BIMG-10. IDH1 MUTATIONS INDUCE ORGANELLE DEFECTS VIA DYSREGULATED PHOSPHOLIPIDS

Abstract BACKGROUND Metabolic alterations of lipids have been identified as a hallmark of neoplasms, with the most prevalent being the balance between saturated fatty acid (SFA) and monosaturated fatty acid (MUFA). Stearoyl-CoA desaturase1 (SCD1), converting SFA to MUFA, is increased in many cancers, leading to worse prognosis. In glioma, the role of SCD1 remains unknown. Isocitrate dehydrogenase (IDH) mutations have been most commonly observed in glioma, but the involvement of mutant IDH in SCD1 expression also remains unknown.
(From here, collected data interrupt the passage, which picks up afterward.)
Definition relax_val_at P SS x : \bar R :=
  ereal_inf [set z | exists eta, relax_feas P SS x eta /\
                                 z = (sc (tc1 P *m x) + eta)%:E].

Definition relax_val P SS : \bar R :=
  ereal_inf [set z | exists x eta, inX P x /\ relax_feas P SS x eta /\
                                   z = (sc (tc1 P *m x) + eta)%:E].

Definition standing P : Prop :=
  (-oo < ereal_inf [set z | exists x u yc yd, inX P x /\ inU P x u /\
      inY P x u yc yd /\ z = (sc (tc1 P *m x) + cost2 P yc yd)%:E])%E.

End Defs.

From HB Require Import structures.
From mathcomp Require Import all_boot all_order all_algebra.
From mathcomp Require Import all_classical all_reals ereal.
From mathcomp Require Import ring lra.
Set Implicit Arguments.
Unset Strict Implicit.
Unset Printing Implicit Defensive.

Import Order.TTheory GRing.Theory Num.Theory.
Local Open Scope ring_scope.

(* For a fixed first stage [x], any [(u, eta, lambda, mu)] in [OU(x,S)] has
   [u] in [U(x)], so for every [e > Q(x)] the inner minimum at [u] is below [e]
   and provides the recourse [(y_c^S, y_d^S)] making [(x, e)] feasible in the
   relaxation; minimising over [x] then gives the bound by [w*].
   The only real work is that [OU(x,S)] is nonempty: it is the set of KKT points
   of the linear program maximising [eta] over [u in U(x)] subject to
   [eta <= c_{2,d} y_d^t + (d - B_1 x - E u - B_{2,d} y_d^t)^T pi^t] for all [t],
   which is feasible and bounded because [U(x)] is nonempty and bounded. KKT
   points of such a program exist by LP duality, obtained from Farkas' lemma,
   itself proved by Fourier-Motzkin elimination. *)

Section FourierMotzkin.
Variable R : realFieldType.
Implicit Types (n : nat).

Definition dotv n (a x : 'rV[R]_n) : R := \sum_i a 0 i * x 0 i.

Definition satisfies n (rows : seq ('rV[R]_n * R)) (x : 'rV[R]_n) : bool :=
  all (fun r : 'rV[R]_n * R => dotv r.1 x <= r.2) rows.

Inductive derivable n (rows : seq ('rV[R]_n * R)) : 'rV[R]_n -> R -> Prop :=
| derivable_row a b : (a, b) \in rows -> derivable rows a b
| derivable_add a1 b1 a2 b2 : derivable rows a1 b1 -> derivable rows a2 b2 ->
    derivable rows (a1 + a2) (b1 + b2)
| derivable_scale k a b : 0 <= k -> derivable rows a b -> derivable rows (k *: a) (k * b)
| derivable_weaken a b b' : derivable rows a b -> b <= b' -> derivable rows a b'.

Definition hdv n (a : 'rV[R]_n.+1) : R := a 0 ord0.
Definition tlv n (a : 'rV[R]_n.+1) : 'rV[R]_n := \row_j a 0 (lift ord0 j).
Definition extv n (a : 'rV[R]_n) x0 : 'rV[R]_n.+1 :=
  \row_i (if unlift ord0 i is Some j then a 0 j else x0).

Lemma dotv_extv n (a : 'rV[R]_n.+1) x' x0 :
  dotv a (extv x' x0) = hdv a * x0 + dotv (tlv a) x'.
Proof.
rewrite /dotv big_ord_recl !mxE unlift_none; congr (_ + _).
by apply: eq_bigr => j _; rewrite !mxE liftK.
Qed.

Lemma extv_tlv n (a : 'rV[R]_n.+1) : hdv a = 0 -> extv (tlv a) 0 = a.
Proof.
move=> a0; apply/rowP => i; rewrite !mxE.
by case: unliftP => [j ->|->]; rewrite ?mxE.
Qed.

Lemma extv0 n : extv (0 : 'rV[R]_n) 0 = 0.
Proof. by apply/rowP => i; rewrite !mxE; case: unlift => [j|]; rewrite ?mxE. Qed.

Lemma extvD n (a b : 'rV[R]_n) : extv (a + b) 0 = extv a 0 + extv b 0.
Proof. by apply/rowP => i; rewrite !mxE; case: unlift => [j|]; rewrite ?mxE ?addr0. Qed.

Lemma extvZ n k (a : 'rV[R]_n) : extv (k *: a) 0 = k *: extv a 0.
Proof. by apply/rowP => i; rewrite !mxE; case: unlift => [j|]; rewrite ?mxE ?mulr0. Qed.

Lemma tlvD n (a b : 'rV[R]_n.+1) : tlv (a + b) = tlv a + tlv b.
Proof. by apply/rowP => i; rewrite !mxE. Qed.

Lemma tlvZ n k (a : 'rV[R]_n.+1) : tlv (k *: a) = k *: tlv a.
Proof. by apply/rowP => i; rewrite !mxE. Qed.

Lemma dotvDl n (a b x : 'rV[R]_n) : dotv (a + b) x = dotv a x + dotv b x.
Proof. by rewrite /dotv -big_split; apply: eq_bigr => i _; rewrite !mxE mulrDl. Qed.

Lemma dotvZl n k (a x : 'rV[R]_n) : dotv (k *: a) x = k * dotv a x.
Proof. by rewrite /dotv mulr_sumr; apply: eq_bigr => i _; rewrite !mxE mulrA. Qed.

Lemma exists_between (s t : seq R) :
    (forall a b, a \in s -> b \in t -> b <= a) ->
  exists x0, (forall a, a \in s -> x0 <= a) /\ (forall b, b \in t -> b <= x0).
Proof.
case: t => [|b0 t] st.
  by exists (\big[Num.min/0]_(a <- s) a); split=> // a sa; apply: ge_bigmin_seq.
exists (\big[Num.max/b0]_(b <- b0 :: t) b); split=> [a sa|b tb].
  by rewrite big_seq; apply: bigmax_le => [|b tb]; apply: st; rewrite ?inE ?eqxx.
exact: le_bigmax_seq.
Qed.

Section Elimination.
Variables (n : nat) (rows : seq ('rV[R]_n.+1 * R)).

Definition pos_rows := [seq r <- rows | 0 < hdv r.1].
Definition neg_rows := [seq r <- rows | hdv r.1 < 0].

(* The positive combination of [p] and [m] in which the first variable cancels. *)
Definition combv (p m : 'rV[R]_n.+1 * R) : 'rV[R]_n * R :=
  (tlv ((- hdv m.1) *: p.1 + hdv p.1 *: m.1), (- hdv m.1) * p.2 + hdv p.1 * m.2).

Definition elim_rows : seq ('rV[R]_n * R) :=
  [seq (tlv r.1, r.2) | r <- rows & hdv r.1 == 0] ++
  [seq combv p m | p <- pos_rows, m <- neg_rows].

Lemma derivable_elim_rows a b :
  derivable elim_rows a b -> derivable rows (extv a 0) b.
Proof.
elim=> {a b} [a b|a1 b1 a2 b2 _ IH1 _ IH2|k a b k0 _ IH|a b b' _ IH bb'].
- rewrite mem_cat => /orP[/mapP[r]|/allpairsP[[pr mr] [/= prP mrN [-> ->]]]].
    rewrite mem_filter => /andP[/eqP r0 rin] [-> ->]; rewrite extv_tlv //.
    by apply: derivable_row; rewrite -surjective_pairing.
  move: prP mrN; rewrite !mem_filter => /andP[hp prin] /andP[hm mrin].
  rewrite extv_tlv; last by rewrite /hdv !mxE; ring.
  apply: derivable_add; apply: derivable_scale; rewrite ?oppr_ge0 ?ltW //;
    by apply: derivable_row; rewrite -surjective_pairing.
- by rewrite extvD; apply: derivable_add.
- by rewrite extvZ; apply: derivable_scale.
- exact: derivable_weaken bb'.
Qed.

Variable x' : 'rV[R]_n.

(* The value of the first variable at which row [r] becomes tight. *)
Definition threshold (r : 'rV[R]_n.+1 * R) : R := (r.2 - dotv (tlv r.1) x') / hdv r.1.

Lemma dotv_extv_le_pos r x0 :
  0 < hdv r.1 -> (dotv r.1 (extv x' x0) <= r.2) = (x0 <= threshold r).
Proof. by move=> hr; rewrite dotv_extv ler_pdivlMr // mulrC -lerBrDr. Qed.

Lemma dotv_extv_le_neg r x0 :
  hdv r.1 < 0 -> (dotv r.1 (extv x' x0) <= r.2) = (threshold r <= x0).
Proof. by move=> hr; rewrite dotv_extv ler_ndivrMr // mulrC -lerBrDr. Qed.

Lemma threshold_combv pr mr : 0 < hdv pr.1 -> hdv mr.1 < 0 ->
  dotv (combv pr mr).1 x' <= (combv pr mr).2 -> threshold mr <= threshold pr.
Proof.
move=> hp hm; rewrite /combv /= tlvD !tlvZ dotvDl !dotvZl => sat.
have hpm : 0 < hdv pr.1 * - hdv mr.1 by rewrite mulr_gt0 // oppr_gt0.
rewrite -subr_ge0 -(pmulr_rge0 _ hpm).
have -> : hdv pr.1 * - hdv mr.1 * (threshold pr - threshold mr) =
    (- hdv mr.1 * pr.2 + hdv pr.1 * mr.2) -
    (- hdv mr.1 * dotv (tlv pr.1) x' + hdv pr.1 * dotv (tlv mr.1) x').
  have [hp0 hm0] := (gt_eqF hp, lt_eqF hm).
  by rewrite /threshold; field; rewrite hp0 hm0.
by rewrite subr_ge0.
Qed.

Lemma satisfies_elim_rows :
  satisfies elim_rows x' -> exists x0, satisfies rows (extv x' x0).
Proof.
move=> /allP sat.
have [|x0 [le_pos ge_neg]] :=
  @exists_between [seq threshold r | r <- pos_rows] [seq threshold r | r <- neg_rows].
  move=> _ _ /mapP[pr prP ->] /mapP[mr mrN ->].
  move: (prP) (mrN); rewrite !mem_filter => /andP[hp _] /andP[hm _].
  by apply: threshold_combv => //; apply: sat; rewrite mem_cat allpairs_f ?orbT.
exists x0; apply/allP => r rin; case: (ltrgtP (hdv r.1) 0) => hr.
- by rewrite dotv_extv_le_neg // ge_neg // map_f // mem_filter hr.
- by rewrite dotv_extv_le_pos // le_pos // map_f // mem_filter hr.
- rewrite dotv_extv hr mul0r add0r; apply: (sat (tlv r.1, r.2)).
  by rewrite mem_cat map_f // mem_filter hr eqxx.
Qed.

End Elimination.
METHODS We conducted metabolic analysis to examine the alteration of SCD1 expression in genetically engineered glioma cell lines and normal human astrocyte (NHA). Lipid metabolic analysis was conducted by using LC-MS, Raman Imaging Microscopy and SCD1 expression was examined by Western-blotting and RT-PCR method. Electron microscopy was employed for organelle structure and genetic knock-down of SCD1 gene was performed. RESULT Herein, we uncovered increased MUFA and their phospholipids in Endoplasmic Reticulum (ER), generated by IDH1 mutation, that were responsible for Golgi and ER dilation. RNA seq data from The Cancer Genome Atlas, showed that SCD1 expression was significantly higher in IDH mutant gliomas compared with wild-type, and high SCD1 expression was associated with longer survival. Inhibition of IDH1 mutation or SCD1 silencing restored ER and Golgi morphology, while D-2HG and oleic acid induced morphological defects in these organelles. Moreover, addition of oleic acid, which tilts the balance towards elevated levels of MUFA, produced IDH1 mutant-specific cellular apoptosis. CONCLUSION Collectively, our results suggest that IDH1 mutant-induced SCD overexpression can rearrange the distribution of lipids in the organelles of glioma cells, providing a new insight on the link between lipids metabolism and organelle morphology in these cells, with potential and unique therapeutic implications. The results of the present study may also provide novel insights into the discovery of metabolic biomarkers for IDH mutant gliomas.